We also consider the role of mutation: sometimes offspring do not inherent their parent's strategy but instead assume a random new strategy. In the context of imitation dynamics, this means that players sometimes get confused when trying to imitate a higher payoff individual and adopt the wrong strategy. The higher the mutation rate, the greater the uncertainty about the strategies of others.
When selection is weak, the dynamics depend greatly on the mutation rate μ. In the high mutation limit, μ → 1, all strategies are present at approximately equal abundances at the same time (Antal et al., 2009; Traulsen et al., 2009). Thus, success is determined not by one's ability to resist invasion but rather by one's performance against a uniform population of all strategies.
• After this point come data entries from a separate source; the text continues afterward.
Lemma Ebern_Rind (i : 'I_d) : Ebern p (fun b => Rind b i) = p.
Proof.
pose G (k : 'I_d) (x : bool) :=
  ((if x then p else 1 - p) * (if k == i then (if x then 1 else 0) else 1))%R.
transitivity (\big[Rplus/0%R]_(b : {ffun 'I_d -> bool}) \big[Rmult/1%R]_k G k (b k)).
  apply: eq_bigr => b _; rewrite /G big_split /=; congr Rmult.
  by rewrite (bigD1 i) //= eqxx big1 ?Rmult_1_r // => k /negbTE ->.
rewrite -(bigA_distr_bigA G) (bigD1 i) //= [X in (_ * X)%R]big1.
  by rewrite /G big_bool eqxx /=; ring.
by move=> k /negbTE ki; rewrite /G big_bool ki /=; ring.
Qed.

Lemma Ebern_nb_ones : Ebern p (@nb_ones d) = (INR d * p)%R.
Proof.
rewrite Ebern_sum (eq_bigr (fun _ => p)) => [|i _]; last exact: Ebern_Rind.
by rewrite big_const_ord iter_Rplus.
Qed.

End BernoulliExpectation.

Section ModelBBlocks.
Variables (d l : nat) (N : R) (b0 b1 b2 : {ffun 'I_d -> bool}).
Hypotheses (d_gt0 : 0 < d) (l_gt0 : 0 < l) (l_dvd : l %| d).

Let c := d %/ l.
Let ws (k : 'I_2) : 'I_d -> R :=
  if k == class1 then Yvec N b1 else (fun i => m2 l i + Yvec N b2 i)%R.
Let w := Yvec N b0.

Lemma nb_blocks_gt0 : 0 < c.
Proof. by rewrite divn_gt0 // dvdn_leq. Qed.

Lemma block_size : d %/ c = l.
Proof. by rewrite -{1}(divnK l_dvd) mulKn // nb_blocks_gt0. Qed.

Definition dirty_blocks : {set 'I_c} :=
  [set j : 'I_c | [exists i : 'I_d, (i %/ l == j) && [|| b0 i, b1 i | b2 i]]].

(* On a block where all three noise vectors vanish, [w] and [w^1] agree, while
   [w^2] carries the coordinate [m_2 = 1] at the first position of the block. *)
Lemma clean_block_minimizer (j : 'I_c) : j \notin dirty_blocks ->
  forall k, k != class1 -> k \notin block_minimizers c ws w j.
Proof.
rewrite inE negb_exists => /forallP clean k k1.
have {k1} -> : k = class2 by case: k k1 => [[|[|m]] km] //= _; exact/val_inj.
rewrite inE negb_forall; apply/existsP; exists class1.
have noise0 (i : 'I_d) : i %/ l == j -> [/\ b0 i = false, b1 i = false & b2 i = false].
  by move=> ij; move: (clean i); rewrite ij /= => /norP [/negbTE -> /norP [/negbTE -> /negbTE ->]].
have -> : block_dist c w (ws class1) j = 0%R.
  rewrite /block_dist block_size big1 ?sqrt_0 // => i /noise0 [z0 z1 _].
  by rewrite /w /ws /= /Yvec z0 z1; ring.
have jl_lt : j * l < d by rewrite -(divnK l_dvd) ltn_pmul2r.
pose i0 := Ordinal jl_lt.
have i0j : i0 %/ l == j by rewrite /= mulnK.
have [z0 _ z2] := noise0 i0 i0j.
rewrite /Rleb /block_dist block_size; set S := \big[Rplus/0%R]_(i | _) _.
have S_ge1 : (1 <= S)%R.
  have gap : (w i0 - ws class2 i0 = -1)%R.
    by rewrite /ws /= /w /Yvec /m2 z0 z2 modnMl eqxx; ring.
  rewrite /S (bigD1 i0) // gap; set rest := \big[Rplus/0%R]_(i | _ && _) _.
  have : (0 <= rest)%R by apply: Rsum_ge0 => i _; exact: pow2_ge_0.
  by rewrite /=; lra.
case: Rle_dec => // le_S0.
by have := sqrt_lt_R0 S ltac:(lra); lra.
Qed.

Lemma card_dirty_blocks_le :
  (INR #|dirty_blocks| <= nb_ones b0 + nb_ones b1 + nb_ones b2)%R.
Proof.
pose noisy := [set i : 'I_d | [|| b0 i, b1 i | b2 i]].
pose block_of (i : 'I_d) : 'I_c := insubd (Ordinal nb_blocks_gt0) (i %/ l).
have dirty_img : dirty_blocks \subset block_of @: noisy.
  apply/subsetP => j; rewrite inE => /existsP [i /andP [/eqP ij bi]].
  apply/imsetP; exists i; first by rewrite inE.
  by apply: val_inj; rewrite /block_of val_insubd ij ltn_ord.
apply: Rle_trans (_ : INR #|noisy| <= _)%R.
  by apply/le_INR/leP; exact: leq_trans (subset_leq_card dirty_img) (leq_imset_card _ _).
rewrite /nb_ones -!big_split /= -[INR _]Rmult_1_r -iter_Rplus -big_const big_mkcond.
by apply: Rsum_le => i _; rewrite inE /Rind; case: (b0 i) (b1 i) (b2 i) => [] [] [] /=; lra.
Qed.

Lemma modelB_seg_misclass_le : (seg_misclass_prob c ws w class1 <=
  2 / INR c * (nb_ones b0 + nb_ones b1 + nb_ones b2))%R.
Proof.
have cR : (0 < INR c)%R by apply/lt_0_INR/ltP; exact: nb_blocks_gt0.
apply: Rle_trans (seg_misclass_prob_le_bad clean_block_minimizer nb_blocks_gt0) _.
have := card_dirty_blocks_le; set T := (_ + _ + _)%R => dirty_le.
rewrite /Rdiv; replace (2 * / INR c * T)%R with (2 * T * / INR c)%R by ring.
by apply: Rmult_le_compat_r; [exact/Rlt_le/Rinv_0_lt_compat | lra].
Qed.

End ModelBBlocks.

Lemma big_Yweight3 d p (F : {ffun 'I_d -> bool} -> {ffun 'I_d -> bool} -> {ffun 'I_d -> bool} -> R) :
  \big[Rplus/0%R]_b0 \big[Rplus/0%R]_b1 \big[Rplus/0%R]_b2
    (Yweight p b0 * Yweight p b1 * Yweight p b2 * F b0 b1 b2)%R =
  Ebern p (fun b0 => Ebern p (fun b1 => Ebern p (fun b2 => F b0 b1 b2))).
Proof.
apply: eq_bigr => b0 _; rewrite big_distrr; apply: eq_bigr => b1 _.
by rewrite !big_distrr; apply: eq_bigr => b2 _ /=; ring.
Qed.

Lemma Ebern3_nb_ones d p (K : R) :
  Ebern p (fun b0 : {ffun 'I_d -> bool} => Ebern p (fun b1 : {ffun 'I_d -> bool} =>
    Ebern p (fun b2 : {ffun 'I_d -> bool} =>
    K * (nb_ones b0 + nb_ones b1 + nb_ones b2))%R)) = (3 * K * (INR d * p))%R.
Proof.
have affine a K' (f : {ffun 'I_d -> bool} -> R) : (forall b, f b = a + K' * nb_ones b)%R ->
    Ebern p f = (a + K' * (INR d * p))%R.
  by move=> fE; rewrite (Ebern_ext _ fE) EbernD Ebern_cst EbernZ Ebern_nb_ones.
rewrite (affine (2 * K * (INR d * p)) K)%R => [|b0]; first ring.
rewrite (affine (K * nb_ones b0 + K * (INR d * p)) K)%R => [|b1]; first ring.
by rewrite (affine (K * (nb_ones b0 + nb_ones b1)) K)%R => [|b2]; ring.
Qed.

Lemma modelB_misclass_prob_bounds d l N p :
  0 < d -> 0 < l -> l %| d -> (0 <= p <= 1)%R ->
  (0 <= modelB_misclass_prob d l N p <= 6 * (INR l * p))%R.
Proof.
move=> d_gt0 l_gt0 l_dvd p01; rewrite /modelB_misclass_prob big_Yweight3.
have cR : (0 < INR (d %/ l))%R by apply/lt_0_INR/ltP; exact: nb_blocks_gt0.
split.
  by do 3![apply: Ebern_ge0 => // ? ]; exact: seg_misclass_prob_ge0.
pose bound := Ebern p (fun b0 : {ffun 'I_d -> bool} =>
  Ebern p (fun b1 : {ffun 'I_d -> bool} => Ebern p (fun b2 : {ffun 'I_d -> bool} =>
    2 / INR (d %/ l) * (nb_ones b0 + nb_ones b1 + nb_ones b2))))%R.
apply: (Rle_trans _ bound).
  by do 3![apply: Ebern_le => // ? ]; exact: modelB_seg_misclass_le.
have dE : INR d = (INR (d %/ l) * INR l)%R by rewrite -mult_INR; congr INR; exact/esym/divnK.
by rewrite /bound Ebern3_nb_ones dE; right; field; lra.
Qed.

Theorem proposition4
  (d l : nat -> nat) (N p : nat -> R)
  (hd_pos : forall n, 0 < d n)
  (hd_inf : forall M : nat, exists n0, forall n, n0 <= n -> M <= d n)
  (hl_pos : forall n, 0 < l n)
  (hl_dvd : forall n, l n %| d n)
  (hN : forall n, (0 < N n)%R)
  (hp : forall n, (0 < p n < 1)%R)
  (hl_inf : forall M : nat, exists n0, forall n, n0 <= n -> M <= l n)
  (hlp : Un_cv (fun n => INR (l n) * p n)%R 0%R) :
  Un_cv (fun n => modelB_misclass_prob (d n) (l n) (N n) (p n)) 0%R.
Proof.
move=> eps eps_gt0; have [n0 lp_small] := hlp (eps / 6)%R ltac:(lra).
exists n0 => n n_ge; have := lp_small n n_ge; rewrite /R_dist !Rminus_0_r.
have p01 : (0 <= p n <= 1)%R by have := hp n; lra.
have lp_ge0 : (0 <= INR (l n) * p n)%R by apply: Rmult_le_pos; [exact: pos_INR | lra].
have [err_ge0 err_le] :=
  modelB_misclass_prob_bounds (N n) (hd_pos n) (hl_pos n) (hl_dvd n) p01.
by rewrite !Rabs_pos_eq //; lra.
Qed.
Put another way, the optimal strategy is the one that maximizes its expected payoff against a uniform distribution of opposing strategies.
In the low mutation limit, μ → 0, novel mutants will either die out or completely take over the population before a new mutant arises (Nowak et al., 2004; Fudenberg and Imhof, 2006; Hauert et al., 2007, 2008). The population makes transitions between homogeneous states in which all agents in the population play the same strategy. Hence, although all strategies are still present at equal frequency in the steady state distribution, at most two strategies are present in the population at the same time. Therefore, success in the low mutation limit is determined by one's ability to resist invasion by a single (randomly chosen) opponent. It is not expected payoff against a uniform distribution of strategies that determines success but rather expected relative payoff in pairwise competitions with a single random opposing strategy (Antal et al., 2009).
We can summarize the observations above as follows. Consider two strategies, one claiming a and one claiming b, b < a. Call the former strategy A and the latter strategy B. In A–A interactions, A receives a payoff of a. In A–B interactions, A receives a payoff of b − R. In B–B interactions, B receives a payoff of b. And in A–B interactions, B receives a payoff of b + R.
In the high mutation, weak selection limit, A and B are equally abundant in the population. A's average payoff is thus a + b − R and B's average payoff is b + b − R. When R is small, a + b − R > b + b + R, so the more “cooperative” strategy A is favored over the less cooperative B. When R is large, on the other hand, the opposite is true and B is favored over A.
In the low mutation, weak selection limit, A can be favored over B even though B beats A in pairwise interactions (b − R < b + R) since A does better against itself than B does against itself. When R is small, a population of A-players can be resistant to invasion by B-players, and A can in fact have a larger basin of attraction than B (when a + b − R > b + b + R).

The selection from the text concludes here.